Откинув странные мысли, царевна поспешила по протоптанной в снегу узкой дорожке. У входа в здание ее ждала Добря, которая пританцовывала на месте от холода.
Здание в центре небольшого двора с парой деревьев и колодца с гусаком, на конце которого болталась цепь, поражало монументальностью – высокое, массивное, опять–таки без единого окна и с узкой дверью из кованного железа. Охранные амулеты, вделанные в тело металла, сияли словно драгоценные камни.
И опять Стелла заметила, что они покрывали дверь как снаружи, так и изнутри.
– Давай быстрее, – монахиня похлопала себя по плечам, – холодно.
***
Внутри здание выглядело таким же неприветливым, как и снаружи – низкие закопченные потолки, темные переходы, узкие двери, ведущие в кельи.
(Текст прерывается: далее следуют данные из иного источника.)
Theorem mainTheorem2 (C : numClosedFieldType) (rho1 rho2 : 'M[C]_(2 * 2)) :
  density rho1 -> density rho2 ->
  \rank rho1 = 2%N -> \rank rho2 = 2%N ->
  orth_supports rho1 rho2 ->
  [/\ ((exists Pi1 Pi2 : 'M[C]_(2 * 2),
          separable_POVM Pi1 Pi2 /\ perfectly_distinguishes Pi1 Pi2 rho1 rho2)
       <-> (exists p : LOCC C 2 2,
          LOCC_wf p /\
          perfectly_distinguishes (LOCC_effect false p) (LOCC_effect true p)
                                  rho1 rho2)),
      ((exists p : LOCC C 2 2,
          LOCC_wf p /\
          perfectly_distinguishes (LOCC_effect false p) (LOCC_effect true p)
                                  rho1 rho2)
       <-> (forall P1 P2 : 'M[C]_(2 * 2),
              supp_proj P1 rho1 -> supp_proj P2 rho2 ->
              separable P1 /\ separable P2))
    & ((forall P1 P2 : 'M[C]_(2 * 2),
              supp_proj P1 rho1 -> supp_proj P2 rho2 ->
              separable P1 /\ separable P2)
       <-> (exists Pi1 Pi2 : 'M[C]_(2 * 2),
          separable_POVM Pi1 Pi2 /\ perfectly_distinguishes Pi1 Pi2 rho1 rho2))].
Proof.
move=> d1 d2 r1 r2 ho.
have compl P1 P2 : supp_proj P1 rho1 -> supp_proj P2 rho2 -> P1 + P2 = 1%:M.
  by apply: supp_proj_complementary ho; rewrite r1 r2.
have AC := sep_distinguishable_supports d1 d2 compl.
have CA := supports_sep_distinguishable d1 d2 compl.
have BA := @LOCC_sep_distinguishable C rho1 rho2.
have CB := supports_LOCC_distinguishable d1 d2 compl.
by split; [split=> [/AC/CB|/BA] | split=> [/BA/AC|/CB] | split=> [/CA|/AC]].
Qed.
(* Let $\mathbb{X}\subseteq\mathbb{R}^{d_{\mathbb{X}}}$ and $\tilde{\mathbb{X}}\subseteq\mathbb{R}^{d_{\mathbb{X}}}$, let $p(x)$ be a probability distribution on $\mathbb{X}$ and $p(\tilde x\mid x)$ a conditional distribution on $\tilde{\mathbb{X}}$ (the distribution of augmentations $\tilde x$ of $x$). Let $f_\theta:\mathbb{X}\to\mathbb{R}^{d_{\mathbb{Z}}}$ (encoder; it is also applied to augmentations $\tilde x$), $h_\psi:\mathbb{R}^{d_{\mathbb{Z}}}\to\mathbb{R}^{d_{\mathbb{Z}}}$ (aligner) and a continuously differentiable $g_\phi:\mathbb{R}^{d_{\mathbb{Z}}}\to\mathbb{R}^{d_{\mathbb{X}}}$ (decoder). Define $$\mathcal{L}_{\mathrm{RC}}=\mathbb{E}_{p(x)}\mathbb{E}_{p(\tilde x|x)}\|g_\phi(h_\psi(f_\theta(\tilde x)))-x\|_2,\qquad \mathcal{L}_{\mathrm{CL}}=\mathbb{E}_{p(x)}\mathbb{E}_{p(\tilde x|x)}\|h_\psi(f_\theta(\tilde x))-f_\theta(x)\|_2,$$ $$\mathcal{L}_{\mathrm{reg}}=\mathbb{E}_{p(x)}\|g_\phi(f_\theta(x))-x\|_2 .$$ Let $\lambda_{\max}$ and $\lambda_{\min}$ be the constants defined in the context below. If $\lambda_{\max}$ and $\lambda_{\min}$ are non-zero, then (1) $\mathcal{L}_{\mathrm{CL}}+\frac{1}{\lambda_{\max}}\mathcal{L}_{\mathrm{reg}}\ \ge\ \frac{1}{\lambda_{\max}}\mathcal{L}_{\mathrm{RC}}$, and (2) $\mathcal{L}_{\mathrm{RC}}+\mathcal{L}_{\mathrm{reg}}\ \ge\ \lambda_{\min}\,\mathcal{L}_{\mathrm{CL}}$.
   Context: $\|\cdot\|_2$ is the Euclidean norm; all expectations are assumed finite. (In the paper a stop-gradient operator is applied to $f_\theta(x)$ in $\mathcal{L}_{\mathrm{CL}}$ and $\mathcal{L}_{\mathrm{reg}}$; it does not change the values of the losses.) Definition of $\lambda_{\max},\lambda_{\min}$: for each pair $(x,\tilde x)$ set $a=f_\theta(x)$, $b=h_\psi(f_\theta(\tilde x))$. Writing $g_{\phi,j}$ for the $j$-th coordinate of $g_\phi$, by the mean value theorem for each $j=1,\dots,d_{\mathbb{X}}$ choose a point $\xi_j$ on the segment between $a$ and $b$ with $g_{\phi,j}(a)-g_{\phi,j}(b)=\nabla g_{\phi,j}(\xi_j)^\top(a-b)$, and let $G(x,\tilde x)\in\mathbb{R}^{d_{\mathbb{X}}\times d_{\mathbb{Z}}}$ be the matrix whose $j$-th row is $\nabla g_{\phi,j}(\xi_j)^\top$. Let $\hat\lambda_{\max}(x,\tilde x)^2$ and $\hat\lambda_{\min}(x,\tilde x)^2$ be the largest and smallest eigenvalues of $G(x,\tilde x)^\top G(x,\tilde x)$, with $\hat\lambda_{\max},\hat\lambda_{\min}\ge 0$. Then $\lambda_{\max}=\sup_{x,\tilde x}\hat\lambda_{\max}(x,\tilde x)$ and $\lambda_{\min}=\inf_{x,\tilde x}\hat\lambda_{\min}(x,\tilde x)$. *)

From HB Require Import structures.
From mathcomp Require Import all_boot all_order all_algebra.
From mathcomp Require Import all_classical all_reals all_analysis.
Set Implicit Arguments. Unset Strict Implicit. Unset Printing Implicit Defensive.
Import Order.TTheory GRing.Theory Num.Theory.
Import numFieldNormedType.Exports.
Local Open Scope classical_set_scope.
Local Open Scope ring_scope.

Definition enorm {R : realType} {n : nat} (v : 'rV[R]_n) : R :=
  Num.sqrt (\sum_(i < n) v 0 i ^+ 2).

Definition ebasis {R : realType} {n : nat} (k : 'I_n) : 'rV[R]_n := delta_mx 0 k.

Definition C1 {R : realType} {m n : nat} (g : 'rV[R]_m -> 'rV[R]_n) : Prop :=
  (forall z, differentiable g z) /\ (forall v : 'rV[R]_m, continuous ('D_v g)).

Definition grad_coord {R : realType} {m n : nat} (g : 'rV[R]_m -> 'rV[R]_n)
  (j : 'I_n) (z : 'rV[R]_m) : 'rV[R]_m :=
  \row_(k < m) ('D_(ebasis k) g z) 0 j.

Definition on_segment {R : realType} {m : nat} (a b xi : 'rV[R]_m) : Prop :=
  exists2 t : R, 0 <= t <= 1 & xi = (1 - t) *: a + t *: b.

Definition mvt_matrix {R : realType} {m n : nat} (g : 'rV[R]_m -> 'rV[R]_n)
  (xi : 'I_n -> 'rV[R]_m) : 'M[R]_(n, m) :=
  \matrix_(j < n, k < m) grad_coord g j (xi j) 0 k.

Definition mvt_choice {R : realType} {m n : nat} (g : 'rV[R]_m -> 'rV[R]_n)
  (a b : 'rV[R]_m) (xi : 'I_n -> 'rV[R]_m) : Prop :=
  forall j : 'I_n, on_segment a b (xi j) /\
    g a 0 j - g b 0 j = \sum_(k < m) grad_coord g j (xi j) 0 k * (a - b) 0 k.

Definition eig_max {R : realType} {n : nat} (M : 'M[R]_n) : R :=
  sup [set a : R | eigenvalue M a].
Definition eig_min {R : realType} {n : nat} (M : 'M[R]_n) : R :=
  inf [set a : R | eigenvalue M a].

Definition lam_hat_max {R : realType} {m n : nat} (G : 'M[R]_(n, m)) : R :=
  Num.sqrt (eig_max (G^T *m G)).
Definition lam_hat_min {R : realType} {m n : nat} (G : 'M[R]_(n, m)) : R :=
  Num.sqrt (eig_min (G^T *m G)).

(* The mean-value choice writes g(a) - g(b) as G (a - b), G the mean-value matrix.
   The Rayleigh quotient of the symmetric matrix G^T G attains its extrema on the
   compact unit sphere, at eigenvectors, so
     lmin |a-b| <= lam_hat_min |a-b| <= |g a - g b| <= lam_hat_max |a-b| <= lmax |a-b|.
   With a = f x and b = h (f xt), the triangle inequality through x gives both
   inequalities pointwise, and integrating against P gives them for the expectations. *)

From HB Require Import structures.
From mathcomp Require Import all_boot all_order all_algebra.
From mathcomp Require Import all_classical all_reals all_analysis.
From mathcomp Require Import ring lra.
Set Implicit Arguments. Unset Strict Implicit. Unset Printing Implicit Defensive.
Import Order.TTheory GRing.Theory Num.Theory.
Import numFieldNormedType.Exports.
Local Open Scope classical_set_scope.
Local Open Scope ring_scope.
Lemma Cmod_Gamma_sub_half_le : (Cmod (Gamma (s - RtoC (1/2))) * sqrt (x - 3/4) <= Cmod (Gamma s))%R.
Proof.
  assert (Rw : Re (s - RtoC (1/2)) = (x - 1/2)%R) by re_tac.
  pose proof (Cmod_Gamma_half_shift (s - RtoC (1/2)) ltac:(rewrite Rw; unfold x in *; lra)) as G.
  replace (s - RtoC (1/2) + RtoC (1/2)) with s in G by ring.
  rewrite Rw in G. replace (x - 1 / 2 - 1 / 4)%R with (x - 3/4)%R in G by field.
  apply le_of_pow2_le; [apply Rmult_le_pos; [apply Cmod_ge_0 | apply sqrt_pos] | apply Cmod_ge_0 |].
  rewrite Rpow_mult_distr, pow2_sqrt by (unfold x in *; lra). exact G.
Qed.

End Z2_terms.

Lemma Z2_minor_lt_main (s : C) : (20 <= Re s)%R ->
  (Cmod (Z2_term2 s) + Cmod (Z2_term3 s) + Cmod (Z2_term4 s) + Cmod (Z2_term5 s)
   + Cmod (Z2_term6 s) < Cmod (Z2_term1 s))%R.
Proof.
  intros hs.
  assert (Re2 : forall k : R, Re (2 * s - RtoC k) = (2 * Re s - k)%R)
    by (intros; destruct s; simpl; ring).
  assert (Rea : forall k : R, Re (s + RtoC k) = (Re s + k)%R) by (intros; destruct s; simpl; ring).
  assert (Res : forall k : R, Re (s - RtoC k) = (Re s - k)%R) by (intros; destruct s; simpl; ring).
  assert (Re2s : Re (2 * s) = (2 * Re s)%R) by (destruct s; simpl; ring).
  assert (Cmod2 : Cmod 2 = 2%R) by (rewrite Cmod_R, Rabs_right; lra).
  destruct (Cmod_A_bounds s hs) as [HA HB].
  pose proof sqrt_PI_sq. pose proof PI_4. pose proof (Re_le_Cmod s).
  pose proof (Cmod_sub_ge s 1). pose proof (Cmod_sub_ge s 2). pose proof (Cmod_sub_ge s 3).
  pose proof (Cmod_add_ge s 1). pose proof (Cmod_add_ge s 2).
  apply (dominance (Cmod s) (Cmod (s - 1)) (Cmod (s - 2)) (Cmod (s - 3)) (Cmod (s + 1))
    (Cmod (s + 2)) (Cmod (2 * s - 1)) (Cmod (A * s + 3)) (Cmod (A * s - A - 3))
    (exp (ln PI / 2)%R) (exp ((- Re s / 2) * ln PI)%R) (exp ((- Re s) * ln PI)%R)
    (Cmod (Gamma (s / 2))) (Cmod (Gamma (s / 2 + RtoC (1/2)))) (Cmod (Gamma s))
    (Cmod (Gamma (s - RtoC (1/2)))) (sqrt (Re s / 2 + 1/4)%R) (sqrt (Re s - 3/4)%R)
    (Cmod (zeta (2 * s))) (Cmod (zeta (2 * s - 1))) (Cmod (zeta (s + 2))) (Cmod (zeta (s + 1)))
    (Cmod (zeta s)) (Cmod (zeta (s - 1))) (Cmod (zeta (s - 2))));
    try lra; try apply exp_pos; try apply Cmod_ge_0;
    try (apply Cmod_zeta_bounds; rewrite ?Re2s, ?Re2, ?Rea, ?Res; lra);
    try (unfold Z2_term1, Z2_term2, Z2_term3, Z2_term4, Z2_term5, Z2_term6;
         rewrite !Cmod_mult, ?Cmod_pow, ?Cmod2, ?(Cmod_chi_2s s), ?(Cmod_chi_2s_sub_1 s),
           ?(Cmod_chi_s_add_2 s hs), ?(Cmod_chi_s_add_1 s), ?(Cmod_chi_s_sub_1 s hs),
           ?(Cmod_chi_s_sub_2 s hs), ?(Cmod_chi_s s); ring).
  - apply Cmod_le_of_sq. rewrite !Cmod_sub_sq. nra.
  - apply Cmod_le_of_sq. rewrite !Cmod_sub_sq. nra.
  - apply Cmod_le_of_sq. rewrite (Cmod_add_sq s 2), <- (Cplus_0_r s) at 1.
    rewrite (Cmod_add_sq s 0). nra.
  - apply Cmod_gt_0. intro E. pose proof (Re2 1%R) as R1. rewrite E in R1. simpl in R1. lra.
  - apply Cmod_gt_0, Gamma_neq0. rewrite Re_div_2. lra.
  - apply Cmod_gt_0, Gamma_neq0. lra.
  - apply sqrt_ge; lra.
  - apply sqrt_ge; lra.
  - apply Cmod_Gamma_add_half_le; auto.
  - apply Cmod_Gamma_sub_half_le; auto.
Qed.

Theorem proposition6p4 :
  forall s : C, (20 <= Re s)%R -> Z2 s <> 0.
Proof.
  intros s hs HZ.
  pose proof (Cmod_sub5_ge (Z2_term1 s) (Z2_term2 s) (Z2_term3 s) (Z2_term4 s) (Z2_term5 s)
                (Z2_term6 s)) as T.
  rewrite <- Z2_expand, HZ, Cmod_0 in T.
  pose proof (Z2_minor_lt_main s hs). lra.
Qed.
(* Let $\bar D$ be any distribution of $(\mathsf X,\bar{\mathsf Y})$ on $\mathcal X\times\{0,1\}$ and $f\colon\mathcal X\to[0,1]$ a randomised classifier with $\mathrm{FNR}(f;\bar D)\ne1$. Then for every $\epsilon\in[0,\tfrac12]$, $\mathrm{BER}(f;\bar D)\le\epsilon$ implies $\mathrm{DI}(f;\bar D)\le2\epsilon$; equivalently, for every $\tau\in[0,1]$, $\mathrm{DI}(f;\bar D)\ge\tau$ implies $\mathrm{BER}(f;\bar D)\ge\tau/2$.
   Context: A randomised classifier $f\colon\mathcal X\to[0,1]$ predicts $1$ on $x$ with probability $f(x)$. $\mathrm{FNR}(f;\bar D)=\mathbb E_{\mathsf X\mid\bar{\mathsf Y}=1}[1-f(\mathsf X)]$, $\mathrm{FPR}(f;\bar D)=\mathbb E_{\mathsf X\mid\bar{\mathsf Y}=0}[f(\mathsf X)]$, the balanced error is $\mathrm{BER}(f;\bar D)=\frac{\mathrm{FPR}(f;\bar D)+\mathrm{FNR}(f;\bar D)}{2}$, and the disparate impact factor is $\mathrm{DI}(f;\bar D)=\frac{\mathrm{FPR}(f;\bar D)}{1-\mathrm{FNR}(f;\bar D)}$. *)

From HB Require Import structures.
From mathcomp Require Import all_boot all_order all_algebra.
From mathcomp Require Import all_classical all_reals all_analysis.
Set Implicit Arguments. Unset Strict Implicit. Unset Printing Implicit Defensive.
Import Order.TTheory GRing.Theory Num.Theory.
Local Open Scope classical_set_scope.
Local Open Scope ring_scope.

(* A distribution Dbar of (X, Ybar) is a probability measure P on the product
   measurable space T * bool (bool with its discrete sigma-algebra).
   A randomised classifier is a measurable f : T -> R with values in [0,1]. *)

Section Rates.
Context (d : measure_display) (T : measurableType d) (R : realType).
Variable P : probability (T * bool)%type R.
Variable f : T -> R.

Definition Ypos : set (T * bool) := [set z | z.2 = true].
Definition Yneg : set (T * bool) := [set z | z.2 = false].

Definition FNR : R :=
  Rintegral P Ypos (fun z => 1 - f z.1) / fine (P Ypos).
Definition FPR : R :=
  Rintegral P Yneg (fun z => f z.1) / fine (P Yneg).
Definition BER : R := (FPR + FNR) / 2.
Definition DI : R := FPR / (1 - FNR).
End Rates.

From HB Require Import structures.
From mathcomp Require Import all_boot all_order all_algebra.
From mathcomp Require Import all_classical all_reals all_analysis.
From mathcomp Require Import lra.
Import Order.TTheory GRing.Theory Num.Theory.
Local Open Scope classical_set_scope.
Local Open Scope ring_scope.

(* Write a = FNR and b = FPR, both nonnegative.  If a < 1 and (a + b)/2 <= eps
   <= 1/2, then b <= 2 eps - a <= 2 eps (1 - a) because 2 eps <= 1, i.e.
   DI = b/(1 - a) <= 2 eps; if a > 1 then DI <= 0.  The bound for tau is the
   contrapositive, applied with eps = BER. *)

Lemma ratio_le_twice_mean (R : realFieldType) (a b eps : R) :
  0 <= a -> 0 <= b -> a != 1 -> eps <= 2^-1 -> (b + a) / 2 <= eps ->
  b / (1 - a) <= 2 * eps.
Proof.
move=> a_ge0 b_ge0 a_neq1 eps_le mean_le.
have [a_lt1|a_gt1] : a < 1 \/ 1 < a.
  by case: ltgtP a_neq1 => // _ _; [left|right].
- have a1_gt0 : 0 < 1 - a by rewrite subr_gt0.
  rewrite ler_pdivrMr //; nra.
- have ratio_le0 : b / (1 - a) <= 0.
    by apply: mulr_ge0_le0 => //; rewrite invr_le0 subr_le0 ltW.
  lra.
Qed.

Section ClassifierRates.
Context (d : measure_display) (T : measurableType d) (R : realType).
Variables (P : probability (T * bool)%type R) (f : T -> R).
Hypothesis f01 : forall x, 0 <= f x <= 1.

Lemma FNR_ge0 : 0 <= FNR P f.
Proof.
apply: divr_ge0; last exact: fine_ge0.
by apply: Rintegral_ge0 => z _; rewrite subr_ge0; case/andP: (f01 z.1).
Qed.

Lemma FPR_ge0 : 0 <= FPR P f.
Proof.
apply: divr_ge0; last exact: fine_ge0.
by apply: Rintegral_ge0 => z _; case/andP: (f01 z.1).
Qed.

Hypothesis FNR_neq1 : FNR P f != 1.

Lemma DI_le_twice_BER_bound (eps : R) :
  eps <= 2^-1 -> BER P f <= eps -> DI P f <= 2 * eps.
Proof. exact: ratio_le_twice_mean FNR_ge0 FPR_ge0 FNR_neq1. Qed.

Lemma BER_ge_half_DI_bound (tau : R) :
  tau <= 1 -> tau <= DI P f -> tau / 2 <= BER P f.
Proof.
move=> tau_le1 tau_le_DI; rewrite leNgt; apply/negP => BER_lt.
have BER_le_half : BER P f <= 2^-1 by lra.
have := @DI_le_twice_BER_bound (BER P f) BER_le_half (lexx _).
lra.
Qed.

End ClassifierRates.

Theorem corollary3 (d : measure_display) (T : measurableType d) (R : realType)
  (P : probability (T * bool)%type R) (f : T -> R)
  (hPpos : (0 < P (@Ypos _ T))%E) (hPneg : (0 < P (@Yneg _ T))%E)
  (hfm : measurable_fun setT f) (hf01 : forall x, 0 <= f x <= 1)
  (hFNR : FNR P f != 1) :
  (forall eps : R, 0 <= eps <= 2^-1 -> BER P f <= eps -> DI P f <= 2 * eps) /\
  (forall tau : R, 0 <= tau <= 1 -> DI P f >= tau -> BER P f >= tau / 2).
Proof.
split=> [eps /andP[_ eps_le]|tau /andP[_ tau_le1]].
- exact: DI_le_twice_BER_bound.
- exact: BER_ge_half_DI_bound.
Qed.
Одна из них открылась, навстречу вышла монашка небольшого роста, приветственно поклонилась. За ее спиной царевна успела разглядеть кровать, прикрытую чем–то серым, стол с горящей на нем свечой и образа в углу с лампадкой. Пахнуло благовониями.
«И рассказать–то нечего, – вспомнив о просьбе Змея, подумала Стелла. – Все серо и уныло».
Когда Добря распахнула очередную безликую дверь, сердце Стеллы дрогнуло – на кровати лежала женщина, укрытая по самые глаза. И только по очертаниям фигуры царевна догадалась, что хриплыми стонами ее встретила вовсе не Мякиня.
– Вот, сестра, привела к тебе воспитанницу, о которой рассказывала давеча. – Добря перекрестилась на образа и тихо закрыла за собой дверь.
Стелла не обратила на ее уход никакого внимания, она подошла ближе к кровати.
Никакие благовония не могли перебить запах смерти. Монахиня доживала свои последние дни.
– Что ты видишь, девочка? – надтреснутый голос был тих. Даже говорить несчастной было больно.
– Чернота пожирает ваше тело…
– Ты можешь с нею что–нибудь сделать?
– Н–не знаю, – Стелла опустилась на колени. Было неловко смотреть на умирающую с высоты роста. Каменный пол сквозь ткань обжег холодом. Пахнуло гниением и нечистотами. – Я еще никогда не встречала такую черноту. Ну, чтобы она занимала все тело…
– Спасибо, что не кривишь лицо, – произнесла женщина обескровленными губами. Она выпростала из–под колючего одела сухонькую руку и схватилась за предплечье царевны. Даже сквозь ткань плаща чувствовалось, что она горячая. Стелла положила ладонь поверх руки больной.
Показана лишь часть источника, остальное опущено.